9. However, in the present case on hand, the facts extracted above would indicate that P.W.1 and other witnesses have been cross examined at length by the counsel appearing for the wife / respondent herein and thereafter, the wife has come up with a transfer petition for transferring the matter from the file of the learned Subordinate Judge at Pollachi to the file of any other competent Court at Coimbatore making certain allegations against the Presiding Officer stating that he has not recorded the evidence properly. This Court has found that the lengthy cross examination made by her counsel, which was recorded by the said Officer would prove that her statement is not correct and dismissed the transfer petition. Thereafter, the respondent / wife was examined and cross examined. Thus, the entire evidence was over and the matter was posted for arguments. At that stage, the respondent has come out with the present applications for the second time. I have already extracted the reasons for coming out with the applications by the respondent herein. While so, the Court below, without considering those aspects, has allowed the applications. The finding of the learned trial Judge that the parties shall be given sufficient opportunity to prove their case, may not be a reasonable finding in the present case on hand. That apart, when this Court has held in the transfer petition filed by the respondent / wife that the lengthy cross examination on her side on P.W.1 would show that sufficient opportunity has been given to the respondent and the Presiding Officer of the Court cannot be blamed saying that he has not allowed full fledged cross examination, the learned trial Judge has opined that because P.W.1 was cross examined at length on the respondent side, the respondent cannot be denied the opportunity of further cross examination of P.W.1 regarding the new points which are arising subsequently. The same cannot be appreciated at all.

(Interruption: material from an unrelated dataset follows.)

(* Let $\boldsymbol{A}\in\mathbb{R}^{n\times m}$ have full column rank and rows $\boldsymbol{a}_1,\dots,\boldsymbol{a}_n$. Let $\boldsymbol{b}\in\mathbb{R}^n$ (a vector, not to be confused with the batch size $b$), and let $\boldsymbol{x}_*=\arg\min_{\boldsymbol{x}}\frac12\|\boldsymbol{A}\boldsymbol{x}-\boldsymbol{b}\|_2^2$. Let the batch size $b$ divide $n$, let $d=n/b$, and let $\tau_1,\dots,\tau_d$ be a partition of $\{1,\dots,n\}$ into sets of size $b$. Let $\boldsymbol{A}_{\tau_i}$ and $\boldsymbol{b}_{\tau_i}$ denote the rows of $\boldsymbol{A}$ and the entries of $\boldsymbol{b}$ indexed by $\tau_i$. Let $\|\cdot\|$ be the spectral norm and $\sigma_{\min}(\boldsymbol{A})$ the smallest singular value of $\boldsymbol{A}$. Define $$p(\tau_i)=\frac{b}{2n}+\frac12\cdot\frac{\|\boldsymbol{A}_{\tau_i}\|^2}{\sum_{j=1}^d\|\boldsymbol{A}_{\tau_j}\|^2}.$$ Fix $\varepsilon>0$ and $\boldsymbol{x}_0$, and let $\varepsilon_0=\|\boldsymbol{x}_0-\boldsymbol{x}_*\|_2^2$. Consider the iteration $$\boldsymbol{x}_{k+1}=\boldsymbol{x}_k-\frac{\gamma}{p(\tau_{i_k})}\sum_{j\in\tau_{i_k}}(\langle\boldsymbol{a}_j,\boldsymbol{x}_k\rangle-b_j)\boldsymbol{a}_j,$$ with batches drawn i.i.d. from $p$ and step size $$\gamma=\frac{\frac14\varepsilon}{\varepsilon\sum_{i=1}^d\|\boldsymbol{A}_{\tau_i}\|^2+d\,\sigma_{\min}^{-2}(\boldsymbol{A})\sum_{i=1}^d\|\boldsymbol{A}_{\tau_i}\|^2\|\boldsymbol{A}_{\tau_i}\boldsymbol{x}_*-\boldsymbol{b}_{\tau_i}\|_2^2}.$$ Then after $$k=\Big\lceil4\log(2\varepsilon_0/\varepsilon)\Big(\sigma_{\min}^{-2}(\boldsymbol{A})\sum_{i=1}^d\|\boldsymbol{A}_{\tau_i}\|^2+\frac{d\,\sigma_{\min}^{-4}(\boldsymbol{A})\sum_{i=1}^d\|\boldsymbol{A}_{\tau_i}\|^2\|\boldsymbol{A}_{\tau_i}\boldsymbol{x}_*-\boldsymbol{b}_{\tau_i}\|_2^2}{\varepsilon}\Big)\Big\rceil$$ iterations one has $\mathbb{E}^{(p)}\|\boldsymbol{x}_k-\boldsymbol{x}_*\|_2^2\le\varepsilon$.
   Context: $\mathbb{E}^{(p)}$ denotes expectation over the batch indices drawn independently at each iteration according to $p$. *)

From Stdlib Require Import Reals Lra Lia ZArith.
Open Scope R_scope.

10. Yet another aspect that has to be seen is that the present applications have been filed on 23.3.2011, after the dismissal of the application to eschew the evidence of P.W.1 and the other applications to re-open the case and re-call P.W.1. Thus, there is also delay on the part of the respondent in filing the present applications.

11. Considering the overall circumstances stated above, I am of the considered view that the Court below has erred in allowing the applications filed by the respondent herein.

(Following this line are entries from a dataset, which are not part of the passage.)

Lemma subset_after_black_out (S U : {set T}) x : U \subset S -> isofree U ->
  white_sealed S U -> x \in S -> x \notin U -> col x -> U \subset after P S x.
Proof.
move=> sub fU seal xS xU cx.
have nx z : z \in U -> ~~ cnbr x z.
  move=> zU; rewrite /cnbr negb_or; apply/andP; split; first by apply: contraNneq xU => <-.
  apply/negP => xz; have cz : ~~ col z by rewrite (adj_col xz) cx.
  by have := seal z x zU cz xS xU; rewrite padj_sym xz.
apply/subsetP => z zU; have [w wU zw] := fU z zU.
exact: edge_in_after (subsetP sub _ zU) (subsetP sub _ wU) (nx z zU) (nx w wU) zw.
Qed.

Lemma after_white_in (S U : {set T}) y : U \subset S -> isofree U -> white_sealed S U ->
  y \in U -> ~~ col y -> after P U y = U :&: after P S y.
Proof.
move=> sub fU seal yU cy; apply/setP => z; rewrite in_setI.
apply/idP/andP => [zUy|[zU]].
  by rewrite (subsetP (after_sub U y)) ?(subsetP (after_subset y sub)).
rewrite in_after => /and3P[_ nyz /exists_inP[w wS /andP[nyw zw]]].
case: (boolP (col z)) => cz.
  have [w' w'U zw'] := fU z zU.
  by apply: edge_in_after zU w'U nyz (nbr_notin_cnbr zw' nyz _) zw'; rewrite cz (negbTE cy).
have wU : w \in U by apply: contraTT zw => wU; apply: seal.
exact: edge_in_after zU wU nyz nyw zw.
Qed.

Section Domination.
Variable n : nat.
Hypothesis value_sub_le_n : forall t (S U : {set T}), (#|S| <= n)%N ->
  U \subset S -> isofree S -> isofree U -> white_sealed S U ->
  value t S <= #|S|%:Z - #|U|%:Z + value t U.

Lemma value_false_le_true_n (U : {set T}) :
  (#|U| <= n)%N -> isofree U -> value false U <= value true U.
Proof.
move=> hU fU; have [->|[u uU]] := set_0Vmem U; first by rewrite !value_set0.
have [x xU cx] := isofree_col true fU uU.
have := outcome_le_value xU cx.
have := value_sub_le_n false hU (after_sub U x) fU (@isofree_after _ U x)
  (white_sealed_after_black (U := U) cx).
have := subset_leq_card (after_sub U x); rewrite /outcome gain_card; lia.
Qed.

Lemma value_sub_le_true (S U : {set T}) : (#|S| <= n.+1)%N ->
  U \subset S -> isofree S -> isofree U -> white_sealed S U ->
  value true S <= #|S|%:Z - #|U|%:Z + value true U.
Proof.
move=> hS sub fS fU seal; have [S0|[s sS]] := set_0Vmem S.
  by move: sub; rewrite S0 subset0 => /eqP->; rewrite !value_set0 cards0.
have [y yS cy] := isofree_col true fS sS.
have [x [xS cx ->]] := value_attained yS cy.
have hSx : (#|after P S x| <= n)%N by rewrite -ltnS (leq_trans (card_after xS)).
have := subset_leq_card (after_sub S x); rewrite /outcome gain_card.
case: (boolP (x \in U)) => xU.
  have := value_sub_le_n false hSx (after_subset x sub) (@isofree_after _ S x)
    (@isofree_after _ U x) (white_sealed_after (x := x) sub seal).
  by have := outcome_le_value xU cx; rewrite /outcome gain_card; lia.
(* Left's move outside U leaves U intact, so on U it amounts to a pass. *)
have subx := subset_after_black_out sub fU seal xS xU cx.
have := value_sub_le_n false hSx subx (@isofree_after _ S x) fU
  (white_sealedS (after_sub S x) seal).
by have := value_false_le_true_n (leq_trans (subset_leq_card subx) hSx) fU; lia.
Qed.

Lemma value_sub_le_false (S U : {set T}) : (#|S| <= n.+1)%N ->
  U \subset S -> isofree S -> isofree U -> white_sealed S U ->
  value false S <= #|S|%:Z - #|U|%:Z + value false U.
Proof.
move=> hS sub fS fU seal; have [U0|[u uU]] := set_0Vmem U.
  by rewrite U0 value_set0 cards0; have := value_le_card false S; lia.
have [v vU cv] := isofree_col false fU uU.
have [y [yU cy ->]] := value_attained vU cv.
have yS := subsetP sub _ yU; have ncy : ~~ col y by rewrite cy.
have hSy : (#|after P S y| <= n)%N by rewrite -ltnS (leq_trans (card_after yS)).
have := value_le_outcome yS ncy.
have := value_sub_le_n true hSy (after_subset y sub) (@isofree_after _ S y)
  (@isofree_after _ U y) (white_sealed_after (x := y) sub seal).
have := cardsUI U (after P S y); rewrite -(after_white_in sub fU seal yU ncy).
have : (#|U :|: after P S y| <= #|S|)%N by rewrite subset_leq_card // subUset sub after_sub.
rewrite /outcome !gain_card; lia.
Qed.

End Domination.

Lemma value_sub_le t (S U : {set T}) : U \subset S -> isofree S -> isofree U ->
  white_sealed S U -> value t S <= #|S|%:Z - #|U|%:Z + value t U.
Proof.
have [k] := ubnP #|S|; elim: k t S U => // k IH t S U /ltnSE hk.
case: k hk IH => [|k] hk IH.
  have S0 : S = set0 by apply/cards0_eq/eqP; rewrite -leqn0.
  by rewrite S0 subset0 => /eqP->; rewrite !value_set0 cards0.
have IH' t' (S' U' : {set T}) : (#|S'| <= k)%N -> U' \subset S' ->
    isofree S' -> isofree U' -> white_sealed S' U' ->
    value t' S' <= #|S'|%:Z - #|U'|%:Z + value t' U'.
  by move=> h; apply: IH; rewrite ltnS.
by case: t; [exact: (value_sub_le_true IH' hk) | exact: (value_sub_le_false IH' hk)].
Qed.

Lemma value_false_le_true (U : {set T}) : isofree U -> value false U <= value true U.
Proof.
by apply: (@value_false_le_true_n #|U|) => // t S U' _; apply: value_sub_le.
Qed.

End FirstMove.

Section Mirror.
Variable P : position.
Local Notation T := (pV P).
Local Notation adj := (padj P).
Local Notation col := (pcol P).

Section Automorphism.
Variable f : T -> T.
Hypotheses (f_bij : bijective f) (f_adj : forall u v, adj (f u) (f v) = adj u v).

Lemma cnbr_morph x z : cnbr (f x) (f z) = cnbr x z.
Proof. by rewrite /cnbr (inj_eq (bij_inj f_bij)) f_adj. Qed.

Lemma after_preimset (A : {set T}) x : after P (f @^-1: A) x = f @^-1: after P A (f x).
Proof.
have [g fK gK] := f_bij.
apply/setP => z; rewrite [in RHS]inE !in_after !inE cnbr_morph; congr (_ && (_ && _)).
apply/exists_inP/exists_inP => [[w wA /andP[nw zw]]|[w wA /andP[nw zw]]].
  by exists (f w); [rewrite inE in wA | rewrite cnbr_morph f_adj nw].
by exists (g w); [rewrite inE gK | rewrite -cnbr_morph -f_adj gK nw].
Qed.

Lemma gain_preimset (A : {set T}) x : gain P (f @^-1: A) x = gain P A (f x).
Proof. by rewrite !gain_card after_preimset !card_preimset //; apply: bij_inj. Qed.

Lemma isolated_setT_preimset : f @^-1: isolated P setT = isolated P setT.
Proof.
have [g fK gK] := f_bij.
apply/setP => u; rewrite inE !isolated_setTE; apply/forallP/forallP => I w.
  by rewrite -f_adj I.
by rewrite -[w]gK f_adj I.
Qed.

End Automorphism.

Lemma mirror_reply (s : T -> T) (S : {set T}) x :
  involutive s -> (forall u v, adj (s u) (s v) = adj u v) ->
  isofree S -> s @^-1: S = S -> x \in S -> col (s x) = ~~ col x -> ~~ adj x (s x) ->
  [/\ s x \in after P S x, gain P (after P S x) (s x) = gain P S x &
      s @^-1: after P (after P S x) (s x) = after P (after P S x) (s x)].
Proof.
move=> sK sadj fS sS xS csx nadj; have sb := inv_bij sK.
have sxS : s x \in S by rewrite -sS inE sK.
split; first exact: mem_after_indep.
  by rewrite gain_after_indep // -{2}sS gain_preimset.
have e y : s @^-1: after P S (s y) = after P S y by rewrite -after_preimset // sS.
by have := e (s x); rewrite sK => e'; rewrite after_after_opp // preimsetI e' e setIC.
Qed.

12. In fine, the order of the learned Subordinate Judge, Pollachi, dated 8.4.2011 made in I.A.Nos.53 and 54 of 2011 in O.P.No.79 of 2010 is liable to be set aside and accordingly, set aside and both the civil revision petitions stand allowed. The learned Subordinate Judge, Pollachi is directed to dispose of the O.Ps. viz., O.P.Nos.23 of 2009 and 79 of 2010 at the earliest, in any event, within a period of one month from the date of receipt of a copy of this order. No order as to costs. Consequently, connected miscellaneous petition is closed.